Server Port	Specify the server port of the Zyxel Device for full tunnel mode SSL VPN access. Leave this field to default settings unless it conflicts with another interface.
Local Network
Full Tunnel	Select Full Tunnel to encrypt all traffic through the VPN. Select Allow Client VPN Traffic Through WAN to allow only traffic encrypted by the Zyxel Device from the remote client to the Internet.
Split Tunnel	Select Split Tunnel to only encrypt traffic going to networks behind the Zyxel Device. Enter an IPv4 address in CIDR notation, for example, type 192.168.1.1/24. Traffic going to the Internet from this IP address is encrypted. Traffic going to the Internet from the remote client does not go through the Zyxel Device is not encrypted.
Client Network
IP Address Pool	Enter an IPv4 address in CIDR notation, for example, type 192.168.1.1/24. The IP address pool is used to assign IP addresses to the VPN clients. The SSL VPN IP pool should not overlap with IP addresses on the Zyxel Device's local networks and the SSL user's network.
First DNS Server	Specify the IP address of the DNS server whose information the Zyxel Device sends to the remote users. This allows them to access devices on the local network using domain names instead of IP addresses. ZyWALL- the VPN clients use the IP address of the interface you specified in the SSL VPN rule and the Zyxel Device works as a DNS relay. Custom Defined- enter a static IPv4 address
Second DNS Server	Enter a secondary DNS server IP address that is checked if the first one is unavailable.
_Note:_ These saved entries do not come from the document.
Lemma poncelet_corr_center (alpha beta gamma a b : R) :
  alpha <> 1 ->
  (1 - alpha) * poncelet_corr alpha beta gamma a b =
  (1 - alpha) * cheb_form (2 * alpha - 1) (a + beta / (2 * (1 - alpha)))
                                           (b + beta / (2 * (1 - alpha)))
  - (beta ^ 2 - 4 * gamma * (1 - alpha)).
Proof. intros Ha; unfold poncelet_corr, cheb_form; field; lra. Qed.

Definition cos_condition (alpha beta gamma : R) (n : nat) : Prop :=
  (exists m : nat, (0 < m)%nat /\ (2 * m < n)%nat /\ alpha = (cos (PI * INR m / INR n)) ^ 2) /\
  beta ^ 2 - 4 * gamma * (1 - alpha) > 0.

Lemma orbit_cos_condition (alpha beta gamma : R) (n : nat) (e : nat -> R) :
  alpha <> 1 -> (0 < n)%nat -> poncelet_orbit alpha beta gamma n e ->
  cos_condition alpha beta gamma n.
Proof.
  intros Ha Hn [e_per He].
  set (h := beta / (2 * (1 - alpha))); set (c := 2 * alpha - 1).
  set (f := fun k => e k + h).
  assert (f_rec : forall k, f (S (S k)) = 2 * c * f (S k) - f k).
  { intros k; destruct (He k) as (G0 & _ & D); destruct (He (S k)) as (G1 & _).
    pose proof (poncelet_corr_vieta _ _ _ _ _ _ G0 G1 D) as V.
    unfold f, c, h; replace (e (S (S k))) with ((4 * alpha - 2) * e (S k) - 2 * beta - e k)
      by lra.
    field; lra. }
  assert (f_n : f n = f 0%nat) by (unfold f; rewrite <- (e_per 0%nat); reflexivity).
  assert (f_Sn : f (S n) = f 1%nat) by (unfold f; rewrite <- (e_per 1%nat); reflexivity).
  assert (f_02 : f 2%nat <> f 0%nat).
  { destruct (He 0%nat) as (_ & _ & D); unfold f; intros H; apply D; lra. }
  destruct (periodic_rec_nondegenerate c n f f_rec Hn f_n f_Sn ltac:(unfold c; lra) f_02)
    as [Hc Hnz].
  split.
  - destruct (periodic_rec_elliptic c n f f_rec Hn f_n f_Sn Hc Hnz) as (m & Hm0 & Hmn & Hcm).
    exists m; split; [exact Hm0 | split; [exact Hmn |]].
    assert (Hnr : INR n <> 0) by (apply not_0_INR; lia).
    replace (2 * PI * INR m / INR n) with (2 * (PI * INR m / INR n)) in Hcm by (field; exact Hnr).
    rewrite cos_2a_cos in Hcm; unfold c in Hcm; simpl; lra.
  - destruct (He 0%nat) as (G & _).
    pose proof (poncelet_corr_center alpha beta gamma (e 0%nat) (e 1%nat) Ha) as E.
    rewrite G, Rmult_0_r in E; fold h c in E.
    pose proof (cheb_form_pos c (f 0%nat) (f 1%nat) Hc Hnz).
    assert (0 < 1 - alpha) by (unfold c in Hc; lra).
    unfold f in *; nra.
Qed.
(* For (1), (2) and the first half of (3) already 1 (x) N = 0, where N is the
   submodule spanned by the diagrams in question: every such diagram d is not a
   permutation diagram and has a right unit e in N, i.e. d e = d with no closed
   loop, so 1 (x) d = 1 (x) d e = eps(d) (x) e = 0.  For M_Y and B_{X,x} the right
   unit is the identity diagram with all nodes labelled in Y (resp. {x, y}, y a
   partner of x) fused into one block.  For A_x it is the identity diagram with
   the right node x cut off and the left node x glued to the block of some
   y <> x; without that glueing the middle node x would close a loop, whence
   n >= 2.
   For the direct summand, v |-> v E_Y (E_Y the fusing diagram) is an idempotent
   endomorphism of the left module P_n with image M_Y which preserves J_{X-Y},
   since X - Y is disjoint from Y; its preimage of J_{X-Y} is the complement. *)

From mathcomp Require Import all_boot all_order all_algebra.
Set Implicit Arguments.
Unset Strict Implicit.
Unset Printing Implicit Defensive.
Import GRing.Theory.

Section FinRel.
Variable T : finType.
Implicit Types (e r : rel T) (t : pred T).

Lemma connect_eq_rel e r : reflexive r -> transitive r ->
  subrel e r -> subrel r (connect e) -> connect e =2 r.
Proof.
move=> r_refl r_trans er re u v; apply/idP/idP; last exact: re.
case/connectP=> p + ->{v}; elim: p u => [|w p IHp] u /=; first by rewrite r_refl.
by case/andP=> /er ruw /IHp; apply: r_trans.
Qed.

Lemma connect_isolated e u : (forall v, e u v -> v = u) ->
  forall v, connect e u v -> v = u.
Proof.
move=> isol v /connectP[p + ->{v}]; elim: p => [|w p IHp] //= /andP[/isol ->].
exact: IHp.
Qed.

Lemma equivalence_rel_connect e : symmetric e -> equivalence_rel (connect e).
Proof.
move=> e_sym x y z; split=> [|xy]; first exact: connect0.
apply/idP/idP; last exact: connect_trans.
by apply: connect_trans; rewrite (sym_connect_sym e_sym).
Qed.

Lemma equivalence_partitionT r : equivalence_rel r ->
  partition (equivalence_partition r [set: T]) [set: T].
Proof. by move=> r_eq; apply: equivalence_partitionP => x y z _ _ _; apply: r_eq. Qed.
(* Let $\Phi$ be the flow of the vector field $F$ on $T_1\Delta$ defined in the context. Then $\Phi_t(\Delta)\subset\Delta$ for all $t\ge0$, and for each $I\subseteq E$, for all $v\in\Delta_I$ and all $t\in\mathbb R$, $\Phi_t(v)\in\Delta$ if and only if $\Phi_t(v)\in\Delta_I$.
   Context: Let $N\ge2$, $E=\{1,\dots,N\}$, $\alpha>1$, and let $A=(A_{i,j})_{i,j\le N}$ be a symmetric matrix with nonnegative entries, $A_{i,j}>0$ for $i\ne j$, and $\sum_j A_{i,j}$ independent of $i$. Let $\Delta=\{v\in\mathbb R_+^N:\ \sum_i v_i=1,\ v_i\le 3/4 \text{ whenever } A_{i,i}=0\}$. For $v\in\Delta$ let $v^\alpha=(v_1^\alpha,\dots,v_N^\alpha)$, $H(v)=\langle Av^\alpha,v^\alpha\rangle=\sum_{i,j}A_{i,j}v_i^\alpha v_j^\alpha$ (which is positive on $\Delta$) and $\pi_i(v)=v_i^\alpha(Av^\alpha)_i/H(v)$. For $r=0,1$ let $T_r\Delta=\{v\in\mathbb R^N:\sum_iv_i=r\}$, let $\imath:T_1\Delta\to\Delta$ be the nearest-point projection $\imath(v)=\mathrm{argmin}\{\|y-v\|:y\in\Delta\}$, and let $F:T_1\Delta\to T_0\Delta$, $F(v)=-v+\pi(\imath(v))$; $F$ is Lipschitz and $\Phi:\mathbb R\times T_1\Delta\to T_1\Delta$ denotes its flow. For $I\subseteq E$, $\Delta_I=\{v\in\Delta: v_i=0\ \forall i\in E\setminus I\}$. *)

From mathcomp Require Import all_boot all_order all_algebra.
From mathcomp Require Import all_classical all_reals all_analysis.
Set Implicit Arguments. Unset Strict Implicit. Unset Printing Implicit Defensive.
Import Order.TTheory GRing.Theory Num.Theory.
Local Open Scope ring_scope.

Definition inDelta (R : realType) (N : nat) (A : 'M[R]_N) (v : 'I_N -> R) : Prop :=
  (forall i, 0 <= v i) /\ (\sum_i v i = 1) /\ (forall i, A i i = 0 -> v i <= 3 / 4).

Definition inDeltaI (R : realType) (N : nat) (A : 'M[R]_N) (I : {set 'I_N})
  (v : 'I_N -> R) : Prop :=
  inDelta A v /\ (forall i, i \notin I -> v i = 0).

Definition vpow (R : realType) (N : nat) (alpha : R) (v : 'I_N -> R) : 'I_N -> R :=
  fun i => v i `^ alpha.

Definition Hfun (R : realType) (N : nat) (A : 'M[R]_N) (alpha : R) (v : 'I_N -> R) : R :=
  \sum_i \sum_j A i j * vpow alpha v i * vpow alpha v j.

Definition pifun (R : realType) (N : nat) (A : 'M[R]_N) (alpha : R) (v : 'I_N -> R)
  : 'I_N -> R :=
  fun i => vpow alpha v i * (\sum_j A i j * vpow alpha v j) / Hfun A alpha v.

Definition edist (R : realType) (N : nat) (v w : 'I_N -> R) : R :=
  Num.sqrt (\sum_i (v i - w i) ^+ 2).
Authentication	You must first create a server in User & Authentication > AAA Server for it to display in the following fields. • If you have one authentication server, it can be on the Zyxel Device (local) or an external AAA server. • If you have two authentication servers, one of them must be on the Zyxel Device (local). You cannot use two external AAA servers.
Primary/Secondary Server	Select local or a specified AAA server from the drop-down list box for the Zyxel Device to use for authentication.
User	Select a user or user group to associate with this SSL access policy.
Advanced Settings
Generate Certificate	Click the button to have the Zyxel Device generate a certificate from the current SSL VPN settings. This is the certificate the Zyxel Device uses to identify itself when setting up the SSL VPN tunnel. If you change the SSL VPN settings, the Generate Certificate button displays. Click Generate Certificate to generate a new certificate from the new SSL VPN settings. Please note that VPN clients cannot connect to the SSL VPN tunnel while the Zyxel Device is generating certificate. If you change the SSL VPN settings and generate a new certificate from the new SSL VPN settings, all connected SSL VPN clients have to update their SSL VPN settings so their SSL VPN settings match the Zyxel Device SSL VPN settings.
Apply	Click Apply to save your changes back to the Zyxel Device.
Cancel	Click Cancel to exit this screen without saving.